The standard approach would be to let the mean and mode represent the fixed values of the remainders and let the feature of interest vary. This would result in one line in a graph showing the model's prediction for the "mean" instance of your data. However, the mean instance might now represent your data in a meaningful way which is why in our implementation we have allowed for setting the fixed values of the other model features manually. We will start with the partial plot of the mean instance as indicated in the `fixed`

input to the partial plot call:

```
plot_partial(graph = best_graph,
dataframe = train,
by = 'LSTAT',
fixed = {'CRIM': train.CRIM.mean(), 'RM': train.RM.mean()})
```

The question of **prediction support** is covered by the partial plot. The actual data is shown as a scatter plot in grey accompanied by the associated histograms on the two axis. The potential predictions of the graph are shown by lines for each set of fixed values. As per default the set of fixed values will include the `10%`

, `50%`

, and `90% percentile`

of each numerical fixed feature, while the `three most frequent categories`

will be displayed for categorical features. This can amount to a lot of lines in the plot if you have a high number of features in the model - in that case I propose that you are strict with the fixed values and set them manually and to less than three values for each remainder feature.

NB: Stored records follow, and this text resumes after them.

Lemma majority_sign_mean (R : numFieldType) (beta : bool -> bool -> R) (q : bool -> R) fv :
  q fv + q (~~ fv) = 1 ->
  \sum_(e1 : bool) \sum_(e2 : bool) \sum_(e3 : bool)
     (-1) ^+ (majority e1 e2 e3 (+) fv) * beta (e1 (+) e2) (e1 (+) e3) * (q e1 * q e2 * q e3) =
  (q fv - q (~~ fv)) *
  (beta false false + (beta false true + beta true false + beta true true - beta false false) *
     ((1 - (q fv - q (~~ fv)) ^+ 2) / 4)).
Proof.
move=> sum1; have q_neg : q (~~ fv) = 1 - q fv by rewrite -sum1 addrAC subrr add0r.
rewrite q_neg; case: fv {sum1} q_neg => /= q_neg;
  by rewrite !big_bool /= q_neg /majority /=; field.
Qed.

(** * Means over shared coins and over sequential uses of the box *)

Section CoinMean.
Variable R : numFieldType.

Fixpoint coin_mean (k : nat) (G : seq bool -> R) : R :=
  if k is k'.+1 then 2^-1 * \sum_(h : bool) coin_mean k' (fun r => G (h :: r))
  else G [::].

Lemma coin_mean_ext k G G' :
  (forall r, size r = k -> G r = G' r) -> coin_mean k G = coin_mean k G'.
Proof.
elim: k G G' => [|k IHk] G G' eqG /=; first exact: eqG.
congr (_ * _); apply: eq_bigr => h _; apply: IHk => r size_r.
by apply: eqG; rewrite /= size_r.
Qed.

Lemma eq_coin_mean k G G' : G =1 G' -> coin_mean k G = coin_mean k G'.
Proof. by move=> eqG; apply: coin_mean_ext. Qed.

Here the default partial plot behavior is shown – the fixed values are shown in the legend:

```
plot_partial(graph = best_graph,
dataframe = train,
by = 'LSTAT')
```

Here it becomes obvious how high CRIM numbers changes the behaviour of the model drastically – high CRIM allows the model to capture the lowest price ranges. Partial plotting is handy to double check your graph behaviour.

## Segment your model fitness

Is there certain parts of my dataset where my model is failing? And consequently, how do I know where to focus my efforts in improving my model? We answer this question with a segmented loss plot. This plot displays the distribution of a feature (or as per default the output variable) in a histogram (or frequency bar plot for categorical features). This histogram is overlayed with the average loss for the associated bin or category.

```
plot_segmented_loss(graph = best_graph,
data = train)
```

From this plot we see that the higher price ranges are the more difficult for the graph to grasp.

The findings from segmented loss plots might lead to tinkering with feature engineering, sample weighting (available in the fit call), and/or outlier alterations.

Let's have a look at the segment plot by LSTAT:

```
plot_segmented_loss(graph = best_graph,
data = train,
by = 'LSTAT')
```

The price is easier predicted for higher LSTAT numbers – except for numbers around 30 that is.